Leica Reloadable Film Cassette – IXMOO

Many 35mm rangefinder camera makers offered a reloadable metal film cassette for use with their cameras. Maybe one of the first to do so was Leitz for their Leica cameras.

Pictured below is one of those cassettes with its original Bakelite canister (film can). I believe this set was released around 1953 and was originally intended to be used with the new Leica M3.

Here’s a comparison between a standard disposable film cartridge from 1959 next to the metal reloadable cassette from Leitz (Code IXMOO). Overall the cartridges are within 1 mm of each other but as can be seen, the top of the Leitz canister is slightly taller.

The reloadable film cartridge is shown being used with the Leica IIIg which was the last Leica screw mount lens body made by Leica. My instruction book is from 1957.
The cartridges are about 50 mm tall to the top of the film spool.

The idea was simple. Since buying 35mm film in bulk was popular at the time, reloadable cassettes were a necessity to keep the cost of taking pictures low. As the disposable film cartridges became standardized the use of bulk film decreased as it was much simpler to use the premade film canisters.

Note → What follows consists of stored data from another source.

Lemma biprod_idm : p1 ;; i1 + p2 ;; i2 = idm S.
Proof. by case: biprodS. Qed.

Lemma biprod_ext W (w w' : Mor S W) :
  i1 ;; w = i1 ;; w' -> i2 ;; w = i2 ;; w' -> w = w'.
Proof.
move=> e1 e2; rewrite -(comp1m w) -(comp1m w') -biprod_idm !compDl.
by rewrite !Defs.compA e1 e2.
Qed.

Lemma i1_copair W (x : Mor Y W) (y : Mor X' W) : i1 ;; (p1 ;; x + p2 ;; y) = x.
Proof.
case: biprodS => e11 _ e12 _ _.
by rewrite compDr -!Defs.compA e11 e12 comp1m comp0m addr0.
Qed.

Lemma i2_copair W (x : Mor Y W) (y : Mor X' W) : i2 ;; (p1 ;; x + p2 ;; y) = y.
Proof.
case: biprodS => _ e22 _ e21 _.
by rewrite compDr -!Defs.compA e22 e21 comp1m comp0m add0r.
Qed.

Lemma pushout_cokernel X P (f : Mor X Y) (h : Mor X X') (a : Mor X' P)
    (b : Mor Y P) :
  is_pushout f h a b -> is_cokernel (f ;; i1 - h ;; i2) (p1 ;; b + p2 ;; a).
Proof.
case=> sq H; split.
  by rewrite compDl compNm !Defs.compA !i1_copair !i2_copair sq addrN.
move=> W t Ht.
have sqt : f ;; (i1 ;; t) = h ;; (i2 ;; t).
  by apply/eqP; rewrite -subr_eq0 -!Defs.compA -compNm -compDl Ht.
have [w [[wb wa] Uw]] := H W _ _ sqt.
exists w; split.
  by rewrite compDl !Defs.compA wb wa -!Defs.compA -compDl biprod_idm comp1m.
by move=> w' Hw'; apply: Uw; split; rewrite -Hw' -Defs.compA ?i1_copair ?i2_copair.
Qed.
(* Let $G(t)=\sum_{k=0}^\infty a_k\frac{t^{k+1}}{k+1}$ be a strictly increasing real analytic function with $a_0=1$, whose coefficients do not depend on $\alpha$, and such that $\ln_G(x):=G(\ln x)$ is continuous, strictly increasing and strictly concave on $(0,\infty)$. For $\alpha>1$ and probability distributions $p=(p_1,\dots,p_W)$ define $Z_{G,\alpha}(p):=\frac{\ln_G(\sum_{i=1}^W p_i^{\alpha})}{1-\alpha}$. Then $Z_{G,\alpha}$ is Schur concave: whenever $p$ and $r$ are probability distributions on $W$ points with $p\preceq r$, one has $Z_{G,\alpha}(p)\ge Z_{G,\alpha}(r)$.
   Context: Majorization: for $\mathbf a,\mathbf b\in\mathbb{R}^n$ with entries sorted in decreasing order $a_1\ge\dots\ge a_n$, $b_1\ge\dots\ge b_n$, one writes $\mathbf b\preceq\mathbf a$ (a majorizes b) if $\sum_{i=1}^k a_i\ge\sum_{i=1}^k b_i$ for $k=1,\dots,n-1$ and $\sum_{i=1}^n a_i=\sum_{i=1}^n b_i$. *)

From HB Require Import structures.
From mathcomp Require Import all_boot all_order all_algebra.
From mathcomp Require Import all_classical all_reals all_analysis.
Set Implicit Arguments. Unset Strict Implicit. Unset Printing Implicit Defensive.
Import Order.TTheory GRing.Theory Num.Theory.
Import numFieldNormedType.Exports.
Local Open Scope ring_scope.
Local Open Scope classical_set_scope.

Definition real_analytic (R : realType) (f : R -> R) : Prop :=
  forall x0 : R, exists c : nat -> R, exists r : R, 0 < r /\
    forall x : R, `|x - x0| < r ->
      series (fun k => c k * (x - x0) ^+ k) @ \oo --> f x.

Definition lnG (R : realType) (G : R -> R) (x : R) : R := G (ln x).

Definition prob_dist (R : realType) (W : nat) (p : 'I_W -> R) : Prop :=
  (forall i, 0 <= p i) /\ \sum_(i < W) p i = 1.

Definition vec_seq (R : realType) (W : nat) (p : 'I_W -> R) : seq R :=
  [seq p i | i : 'I_W].
Definition sort_dec (R : realType) (s : seq R) : seq R := sort (>=%R) s.

(* majorized b a  <->  b ≼ a  (a majorizes b), for vectors of length n *)
Definition majorized (R : realType) (n : nat) (b a : 'I_n -> R) : Prop :=
  let a' := sort_dec (vec_seq a) in
  let b' := sort_dec (vec_seq b) in
  (forall k : nat, (1 <= k <= n - 1)%N ->
     \sum_(i < k) b'`_i <= \sum_(i < k) a'`_i) /\
  \sum_(i < n) a'`_i = \sum_(i < n) b'`_i.

Definition Z_G (R : realType) (G : R -> R) (alpha : R) (W : nat)
  (p : 'I_W -> R) : R :=
  lnG G (\sum_(i < W) powR (p i) alpha) / (1 - alpha).

From HB Require Import structures.
From mathcomp Require Import all_boot all_order all_algebra.
From mathcomp Require Import all_classical all_reals all_analysis.
From mathcomp Require Import ring lra.
Set Implicit Arguments. Unset Strict Implicit. Unset Printing Implicit Defensive.
Import Order.TTheory GRing.Theory Num.Theory.
Import numFieldNormedType.Exports.
Local Open Scope ring_scope.
Local Open Scope classical_set_scope.

(* Karamata's inequality for the convex function x |-> x^alpha gives
   sum_i p_i^alpha <= sum_i r_i^alpha whenever p is majorized by r.  Since
   1 - alpha < 0, Schur concavity of Z_{G,alpha} then only uses that ln_G is
   increasing. *)

Lemma powR_tangent_le (R : realType) (al x y : R) : 1 < al -> 0 <= x -> 0 <= y ->
  powR y al + al * powR y (al - 1) * (x - y) <= powR x al.
Proof.
move=> al_gt1 x_ge0 y_ge0.
have al_gt0 : 0 < al by apply: lt_trans al_gt1.
have al1_gt0 : 0 < al - 1 by rewrite subr_gt0.
set q := al / (al - 1).
have q_gt0 : 0 < q by rewrite divr_gt0.
have conj_al_q : al^-1 + q^-1 = 1 by rewrite /q invf_div; field; rewrite gt_eqF.
have young := conjugate_powR x_ge0 (powR_ge0 y (al - 1)) al_gt0 q_gt0 conj_al_q.
have powRq : powR (powR y (al - 1)) q = powR y al.
  by rewrite -powRrM /q mulrCA divff ?gt_eqF // mulr1.
rewrite powRq in young.
have powRy : powR y (al - 1) * y = powR y al by rewrite mulrC mulr_powRB1.
rewrite -powRy in young *; set u := powR y (al - 1) in young *.
have scaled : al * (x * u) <= powR x al + (al - 1) * (u * y).
  apply: le_trans (ler_wpM2l (ltW al_gt0) young) _.
  by rewrite mulrDr /q le_eqVlt; apply/orP; left; apply/eqP; field; rewrite ?gt_eqF.
nra.
Qed.

Lemma sum_mul_abel (R : comPzRingType) (d x : nat -> R) n :
  \sum_(i < n.+1) d i * x i = d n * \sum_(i < n.+1) x i
     + \sum_(i < n) (d i - d i.+1) * \sum_(j < i.+1) x j.
Proof.
elim: n => [|n IH]; first by rewrite !big_ord1 big_ord0 addr0.
rewrite big_ord_recr /= IH [\sum_(i < n.+2) x i]big_ord_recr /=.
rewrite [\sum_(i < n.+1) (d i - d i.+1) * _]big_ord_recr /=.
ring.
Qed.

Section Karamata.
Variables (R : realType) (f d : R -> R).
Hypothesis f_supported : forall x y, 0 <= x -> 0 <= y -> f y + d y * (x - y) <= f x.
Hypothesis d_nondecreasing : forall x y, 0 <= x -> x <= y -> d x <= d y.

(* The slopes d b_i are nonincreasing in i, so Abel summation turns the
   partial-sum inequalities into the sum inequality. *)
Lemma karamata_sorted n (a b : seq R) :
  size b = n.+1 -> sorted >=%R b ->
  (forall i, 0 <= a`_i) -> (forall i, 0 <= b`_i) ->
  (forall k, (1 <= k <= n)%N -> \sum_(i < k) b`_i <= \sum_(i < k) a`_i) ->
  \sum_(i < n.+1) a`_i = \sum_(i < n.+1) b`_i ->
  \sum_(i < n.+1) f b`_i <= \sum_(i < n.+1) f a`_i.
Proof.
move=> size_b sorted_b a_ge0 b_ge0 partial_le total_eq.
rewrite -subr_ge0 -sumrB.
apply: le_trans (_ : 0 <= \sum_(i < n.+1) d b`_i * (a`_i - b`_i)) _; last first.
  by apply: ler_sum => i _; rewrite lerBrDl f_supported.
rewrite (sum_mul_abel (fun i => d b`_i) (fun i => a`_i - b`_i)) sumrB total_eq subrr mulr0 add0r.
apply: sumr_ge0 => i _; apply: mulr_ge0.
  have ge_trans : {in predT & &, transitive (>=%R : rel R)}.
    by move=> y x z _ _ _ xy yz; apply: le_trans yz xy.
  have b_next_le : b`_i.+1 <= b`_i.
    apply: (sorted_ltn_nth_in ge_trans 0 (all_predT _) sorted_b) => //;
      by rewrite inE size_b ltnS ?(ltnW (ltn_ord i)).
  by rewrite subr_ge0 d_nondecreasing.
by rewrite sumrB subr_ge0; apply: partial_le; rewrite ltn_ord.
Qed.

End Karamata.

Lemma sum_sort_dec (R : realType) (f : R -> R) W (p : 'I_W -> R) :
  \sum_(i < W) f (p i) = \sum_(i < W) f (sort_dec (vec_seq p))`_i.
Proof.
have -> : \sum_(i < W) f (p i) = \sum_(x <- vec_seq p) f x.
  by rewrite /vec_seq big_map big_enum.
rewrite /sort_dec -(perm_big _ (permEl (perm_sort >=%R (vec_seq p)))).
by rewrite (big_nth 0) big_mkord size_sort size_map size_enum_ord.
Qed.

Lemma size_sort_dec (R : realType) W (p : 'I_W -> R) :
  size (sort_dec (vec_seq p)) = W.
Proof. by rewrite size_sort size_map size_enum_ord. Qed.

Lemma sorted_sort_dec (R : realType) W (p : 'I_W -> R) :
  sorted >=%R (sort_dec (vec_seq p)).
Proof. by apply: sort_sorted => x y; rewrite /= le_total. Qed.

Lemma sort_dec_ge0 (R : realType) W (p : 'I_W -> R) : (forall i, 0 <= p i) ->
  forall k, 0 <= (sort_dec (vec_seq p))`_k.
Proof.
move=> p_ge0 k; case: (ltnP k (size (sort_dec (vec_seq p)))) => [k_lt|k_ge].
  by have := mem_nth 0 k_lt; rewrite mem_sort => /mapP[j _ ->].
by rewrite nth_default.
Qed.

Lemma majorized_sum_powR_le (R : realType) (al : R) W (p r : 'I_W -> R) :
  1 < al -> (forall i, 0 <= p i) -> (forall i, 0 <= r i) -> majorized p r ->
  \sum_(i < W) powR (p i) al <= \sum_(i < W) powR (r i) al.
Proof.
move=> al_gt1 p_ge0 r_ge0 [partial_le total_eq].
case: W p r p_ge0 r_ge0 partial_le total_eq => [|n] p r p_ge0 r_ge0 partial_le total_eq.
  by rewrite !big_ord0.
have slope_nondecreasing x y : 0 <= x -> x <= y ->
    al * powR x (al - 1) <= al * powR y (al - 1).
  move=> x_ge0 xy; rewrite ler_wpM2l ?(ltW (lt_trans ltr01 al_gt1)) //.
  by rewrite ge0_ler_powR ?nnegrE ?subr_ge0 ?(ltW al_gt1) ?(le_trans x_ge0).
rewrite (sum_sort_dec (fun x : R => powR x al) p) (sum_sort_dec (fun x : R => powR x al) r).
apply: (karamata_sorted (fun x y => powR_tangent_le al_gt1) slope_nondecreasing).
- exact: size_sort_dec.
- exact: sorted_sort_dec.
- exact: sort_dec_ge0.
- exact: sort_dec_ge0.
- by move=> k k_range; rewrite partial_le // subn1.
- exact: total_eq.
Qed.

Lemma prob_dist_sum_powR_gt0 (R : realType) (al : R) W (p : 'I_W -> R) :
  0 < al -> prob_dist p -> 0 < \sum_(i < W) powR (p i) al.
Proof.
move=> al_gt0 [_ p_sum1]; rewrite lt_neqAle sumr_ge0 ?andbT; last first.
  by move=> i _; exact: powR_ge0.
apply/negP => /eqP /esym /(psumr_eq0P (fun i _ => powR_ge0 (p i) al)) powR_eq0.
move: p_sum1; rewrite big1 => [/eqP|i _]; first by rewrite eq_sym oner_eq0.
exact: powR_eq0_eq0 (powR_eq0 i isT).
Qed.

Theorem mainTheorem7 (R : realType) (G : R -> R) (a : nat -> R) :
  (* G(t) = sum_k a_k t^(k+1)/(k+1) (power series around 0) *)
  (exists r : R, 0 < r /\ forall t : R, `|t| < r ->
     series (fun k => a k * t ^+ k.+1 / k.+1%:R) @ \oo --> G t) ->
  real_analytic G ->
  a 0%N = 1 ->
  (* G strictly increasing *)
  (forall s t : R, s < t -> G s < G t) ->
  (* ln_G continuous, strictly increasing, strictly concave on (0,oo) *)
  (forall x : R, 0 < x -> {for x, continuous (lnG G)}) ->
  (forall x y : R, 0 < x -> x < y -> lnG G x < lnG G y) ->
  (forall x y l : R, 0 < x -> 0 < y -> x != y -> 0 < l < 1 ->
     l * lnG G x + (1 - l) * lnG G y < lnG G (l * x + (1 - l) * y)) ->
  forall alpha : R, 1 < alpha ->
  forall (W : nat) (p r : 'I_W -> R),
    prob_dist p -> prob_dist r -> majorized p r ->
    Z_G G alpha r <= Z_G G alpha p.
Proof.
move=> _ _ _ _ _ lnG_incr _ al al_gt1 W p r p_dist r_dist p_maj_r.
have sum_le := majorized_sum_powR_le al_gt1 p_dist.1 r_dist.1 p_maj_r.
have sum_gt0 := prob_dist_sum_powR_gt0 (lt_trans ltr01 al_gt1) p_dist.
have lnG_le : lnG G (\sum_(i < W) powR (p i) al)
              <= lnG G (\sum_(i < W) powR (r i) al).
  by move: sum_le; rewrite le_eqVlt => /orP[/eqP -> //|/(lnG_incr _ _ sum_gt0)/ltW].
by rewrite /Z_G ler_wnM2r // invr_le0 subr_le0 ltW.
Qed.
(* Let $\ell<t$ be positive integers and $n\ge 2t+2$. Then $\lambda(C_{2t+1}(T_{n-2t,2}))<\lambda(C_{2\ell+1}(T_{n-2\ell,2}))$.
   Context: $\lambda(G)$ denotes the spectral radius of the adjacency matrix of $G$. $T_{m,2}$ is the complete bipartite graph on $m$ vertices with parts of sizes $\lfloor m/2\rfloor$ and $\lceil m/2\rceil$. For $s\ge1$, $C_{2s+1}(T_{n-2s,2})$ is the $n$-vertex graph obtained by identifying one vertex of a cycle $C_{2s+1}$ with one vertex of $T_{n-2s,2}$ lying in the part of size $\lfloor (n-2s)/2\rfloor$. *)

From mathcomp Require Import all_boot all_order all_algebra all_field.
Set Implicit Arguments. Unset Strict Implicit. Unset Printing Implicit Defensive.
Import Order.TTheory GRing.Theory Num.Theory.
Local Open Scope ring_scope.

Definition adjmx (n : nat) (e : rel 'I_n) : 'M[algC]_n :=
  \matrix_(i, j) (e i j)%:R.

(* The multiset of (complex) eigenvalues of a square matrix: the roots of its
   characteristic polynomial, listed with multiplicity. *)
Definition eigs (n : nat) (A : 'M[algC]_n) : seq algC :=
  sval (closed_field_poly_normal (char_poly A)).

(* Spectral radius: maximum modulus of an eigenvalue (0 for the empty matrix). *)
Definition spectral_radius (n : nat) (A : 'M[algC]_n) : algC :=
  \big[Num.max/0]_(z <- eigs A) `|z|.

Definition lambda (n : nat) (e : rel 'I_n) : algC := spectral_radius (adjmx e).
(* $\mathrm{GenMem}(\mathrm{RL}) = 2$.
   Context: Let $\Omega=\mathbb{N}\times\{0,1\}$ with partial order $(n,a)\preceq(m,b)$ iff $(n,a)=(m,b)$ or $n<m$. Let $\mathbb{M}$ be the set of all functions $f\colon\Omega\to\Omega$ monotone w.r.t. $\preceq$. The Rope Ladder condition $\mathrm{RL}\subseteq\mathbb{M}^\omega$ (a winning condition over the color set $\mathbb{M}$) consists of all sequences $(f_1,f_2,\ldots)\in\mathbb{M}^\omega$ for which there is $(N,b)\in\Omega$ with $f_n\circ\cdots\circ f_1((0,0))\preceq(N,b)$ for all $n\ge1$. An arena over a color set $C$ is a tuple $\langle V_P, V_A, E\rangle$ of finite sets with $V_P\cap V_A=\varnothing$, $V=V_P\cup V_A\neq\varnothing$, $E\subseteq V\times C\times V$, every node having an outgoing edge. Paths are non-empty finite/infinite sequences of consecutive edges, plus $0$-length paths $\lambda_v$ at each node. A Protagonist's strategy maps each finite path ending in $V_P$ to an outgoing edge of its last node; a path is consistent with $S$ if every edge leaving a Protagonist node along it is the one chosen by $S$ on the preceding prefix. $S$ is winning from $u$ w.r.t. $W\subseteq C^\omega$ if every infinite path consistent with $S$ from $u$ has color sequence in $W$; $S$ is optimal w.r.t. $W$ if there is no node from which some strategy wins w.r.t. $W$ but $S$ does not. A (general) memory structure is $\langle M,m_{init},\delta\rangle$ with $M$ finite, $m_{init}\in M$, $\delta\colon M\times E\to M$ (extended to finite edge sequences by iteration). A strategy $S$ is built on top of it if $S(p_1)=S(p_2)$ whenever $p_1,p_2$ end at the same Protagonist node and $\delta(m_{init},p_1)=\delta(m_{init},p_2)$; with $k$ memory states this is a strategy with $k$ states of general memory. $\mathrm{GenMem}(W)$ is the least $k\in\mathbb{Z}^+$ such that every arena over $C$ admits a Protagonist's strategy with $k$ states of general memory that is optimal w.r.t. $W$ ($+\infty$ if none exists). *)

From mathcomp Require Import all_boot.
Set Implicit Arguments. Unset Strict Implicit. Unset Printing Implicit Defensive.

(* Omega = N x {0,1}; the bit 0 is encoded as false, 1 as true. *)
Definition Omega : Type := (nat * bool)%type.

Definition ole (x y : Omega) : Prop := x = y \/ (x.1 < y.1)%N.

Definition monotoneO (f : Omega -> Omega) : Prop :=
  forall x y, ole x y -> ole (f x) (f y).

Definition MM : Type := {f : Omega -> Omega | monotoneO f}.

(* position after applying the first n colors: pos w n = f_n o ... o f_1 (0,0),
   where the sequence (f_1, f_2, ...) is w 0, w 1, ... *)
Fixpoint pos (w : nat -> MM) (n : nat) : Omega :=
  match n with
  | 0 => (0%N, false)
  | n'.+1 => proj1_sig (w n') (pos w n')
  end.

Definition RL (w : nat -> MM) : Prop :=
  exists Nb : Omega, forall n, (1 <= n)%N -> ole (pos w n) Nb.

(* An arena over color set C: finite node set V, partitioned by isP into
   Protagonist (isP v = true) and Antagonist nodes; finite edge set, each edge
   e being the triple (src e, col e, tgt e) (the triple map is injective, so
   edges form a subset of V x C x V); every node has an outgoing edge. *)
Record arena (C : Type) := Arena {
  V : finType;
  Ed : finType;
  isP : V -> bool;
  src : Ed -> V;
  col : Ed -> C;
  tgt : Ed -> V;
  arena_inj : forall e1 e2, src e1 = src e2 -> col e1 = col e2 ->
                tgt e1 = tgt e2 -> e1 = e2;
  arena_nonempty : (0 < #|V|)%N;
  arena_total : forall v : V, exists e : Ed, src e = v
}.

Section Games.
Variables (C : Type) (A : arena C).

(* A finite path is represented as (v, s): start node v and consecutive edges s.
   (v, [::]) is the 0-length path lambda_v. *)
Fixpoint valid (v : V A) (s : seq (Ed A)) : Prop :=
  match s with
  | [::] => True
  | e :: s' => src e = v /\ valid (tgt e) s'
  end.

Definition lastnode (v : V A) (s : seq (Ed A)) : V A := last v (map (@tgt C A) s).

Definition is_strategy (S : V A -> seq (Ed A) -> Ed A) : Prop :=
  forall v s, valid v s -> isP (lastnode v s) -> src (S v s) = lastnode v s.

Definition inf_path_from (u : V A) (p : nat -> Ed A) : Prop :=
  src (p 0%N) = u /\ forall n, tgt (p n) = src (p n.+1).

Definition consistent (S : V A -> seq (Ed A) -> Ed A) (u : V A) (p : nat -> Ed A) : Prop :=
  forall n, isP (src (p n)) -> p n = S u (mkseq p n).

Definition winning_from (W : (nat -> C) -> Prop) (S : V A -> seq (Ed A) -> Ed A)
  (u : V A) : Prop :=
  forall p, inf_path_from u p -> consistent S u p -> W (fun n => col (p n)).

Definition optimal (W : (nat -> C) -> Prop) (S : V A -> seq (Ed A) -> Ed A) : Prop :=
  forall u, (exists S', is_strategy S' /\ winning_from W S' u) -> winning_from W S u.

(* S is built on top of some memory structure with exactly k states
   (memory states are 'I_k, delta extended to sequences by iteration). *)
Definition built_on_mem (k : nat) (S : V A -> seq (Ed A) -> Ed A) : Prop :=
  exists (minit : 'I_k) (delta : 'I_k -> Ed A -> 'I_k),
    forall v1 s1 v2 s2, valid v1 s1 -> valid v2 s2 ->
      lastnode v1 s1 = lastnode v2 s2 -> isP (lastnode v1 s1) ->
      foldl delta minit s1 = foldl delta minit s2 ->
      S v1 s1 = S v2 s2.

End Games.

Definition admits_mem (C : Type) (W : (nat -> C) -> Prop) (k : nat) : Prop :=
  forall A : arena C, exists S : V A -> seq (Ed A) -> Ed A,
    is_strategy S /\ built_on_mem k S /\ optimal W S.

Definition GenMem_eq (C : Type) (W : (nat -> C) -> Prop) (n : nat) : Prop :=
  (0 < n)%N /\ admits_mem W n /\ forall j, (0 < j)%N -> (j < n)%N -> ~ admits_mem W j.

(* Upper bound: consider the safety game on configurations (v, x) of V x Omega
   in which Protagonist must keep the level x.1 bounded, and call (v, x) safe
   if it lies in a trap of bounded level.  Against any fixed strategy,
   Antagonist can keep an unsafe configuration unsafe while forcing its level
   up (by finite branching, otherwise the consistent continuations would
   themselves form a bounded trap), so no strategy wins from an unsafe start.
   Conversely all safe starts lie in one bounded trap Y.  At each node the
   points of Y are dominated by the at most two points of Y on its top level;
   as colours are monotone, Protagonist wins by remembering which of the two
   dominates the current position and moving as if standing there.
   Lower bound: in a one-node arena with the loops
   F : (n,0) |-> (n,1), (n,1) |-> (n+1,1) and G : (n,1) |-> (n,0), (n,0) |-> (n+1,0),
   alternating F and G keeps the position in {(0,0), (0,1)}, while a
   memoryless strategy repeats a single loop and climbs the ladder. *)

From Stdlib Require Import ClassicalEpsilon.
From mathcomp Require Import all_boot.
Set Implicit Arguments. Unset Strict Implicit. Unset Printing Implicit Defensive.

Lemma ole_refl x : ole x x.
Proof. by left. Qed.

Lemma ole_trans y x z : ole x y -> ole y z -> ole x z.
Proof.
case=> [->|xy] // [<-|yz]; right=> //; exact: ltn_trans yz.
Qed.

Lemma ole_level x y : ole x y -> x.1 <= y.1.
Proof. by case=> [->|/ltnW]. Qed.

Definition oleb (x y : Omega) : bool := (x == y) || (x.1 < y.1).

Lemma oleP x y : reflect (ole x y) (oleb x y).
Proof.
by apply: (iffP orP) => -[/eqP|]; [left | right | move=> ->; left | right].
Qed.

Lemma monotoneO_step (f : Omega -> Omega) :
  (forall n a b, ole (f (n, a)) (f (n.+1, b))) -> monotoneO f.
Proof.
move=> fS [n a] [m b] [-> | /= ltnm]; first exact: ole_refl.
elim: m b ltnm => // m IHm b; rewrite ltnS leq_eqVlt => /orP[/eqP-> | ltnm].
  exact: fS.
exact: ole_trans (IHm false ltnm) (fS _ _ _).
Qed.

Lemma bounded_ex_max (P : nat -> Prop) N :
  (forall k, P k -> k < N) -> (exists k, P k) ->
  exists2 m, P m & forall k, P k -> k <= m.
Proof.
elim: N => [|N IHN] bndP exP; first by case: exP => k /bndP.
have [PN | nPN] := classic (P N); first by exists N => // k /bndP.
apply: IHN exP => k Pk; have := bndP k Pk.
by rewrite ltnS leq_eqVlt => /orP[/eqP eqkN | //]; rewrite eqkN in Pk.
Qed.
Lemma cutvec_symdiff_const (S X : {set 'I_n}) :
  (forall p q, (p \in X) (+) (p \in S) = (q \in X) (+) (q \in S)) -> cutvec X = cutvec S.
Proof.
move=> XS_const; apply: eq_cutvec => i j; move: (XS_const i j); rewrite /cut.
by case: (i \in X); case: (i \in S); case: (j \in X); case: (j \in S).
Qed.

Lemma defect_eq0_cutvec (X : {set 'I_n}) : defect X = 0 ->
  cutvec X \in [:: cutvec S1; cutvec S2; cutvec S3].
Proof.
move=> defect0.
pose Z (S : {set 'I_n}) p := (p \in X) (+) (p \in S).
have cover i j k : [|| const3 (Z S1 i) (Z S1 j) (Z S1 k), const3 (Z S2 i) (Z S2 j) (Z S2 k)
                     | const3 (Z S3 i) (Z S3 j) (Z S3 k)].
  rewrite -!eq_cut_const3.
  have := psumr3_eq0P (fun i j k => ler0n _ _) defect0 i j k.
  by rewrite /missed; case: [|| _, _ | _] => //= /eqP; rewrite oner_eq0.
by case: (const3_cover_const cover) => /cutvec_symdiff_const ->; rewrite !inE eqxx ?orbT.
Qed.

Lemma cut_triangle_face :
  is_face (poly01 R (cut_vertices n))
    (conv [:: pt01 R (cutvec S1); pt01 R (cutvec S2); pt01 R (cutvec S3)]).
Proof.
have [c [b defectE]] := cut_affineZ (-1) cut_affine_defect.
have dot_c X : dotp c (pt01 R (cutvec X)) = - defect X - b by rewrite -mulN1r defectE addrK.
apply: (@face_conv_tight _ _ (pts01 R (cut_vertices n)) _ c (- b)).
- move=> s /mapP [x]; rewrite mem_enum => /imsetP [X _ ->] ->.
  by rewrite dot_c lerBlDr addrC subrr oppr_le0 defect_ge0.
- move=> s /mapP [x]; rewrite mem_enum => /imsetP [X _ ->] -> /eqP.
  rewrite dot_c subr_eq addNr oppr_eq0 => /eqP/defect_eq0_cutvec.
  by rewrite !inE => /or3P [] /eqP ->; rewrite eqxx ?orbT.
- move=> t; rewrite !inE => /or3P [] /eqP ->; apply: map_f; rewrite mem_enum;
  apply/imsetP; [exists S1|exists S2|exists S3] => //.
- move=> t; rewrite !inE => /or3P [] /eqP ->;
  by rewrite dot_c defect_eq0 ?oppr0 ?sub0r // !inE eqxx ?orbT.
Qed.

While I was in college back in the early 1970s and taking some photography classes, I bulk loaded my own B&W films (mostly Kodak Plus X). It was a pain but it was far less expensive.

The earliest metal film cassettes made by Leitz were coded FILCA and were slightly taller than the newer IXMOO. I don’t have a FILCA cassette for comparison but I’d like to find one (I’ll gladly accept a donation of one if you have a spare).

From a Leica illustrated price list from 1939, the FILCA was Cat. No. 66,800 and was listed as a “Spare Roll Film Magazine” and sold for $3.00 USD. The catalog covers are pictured below.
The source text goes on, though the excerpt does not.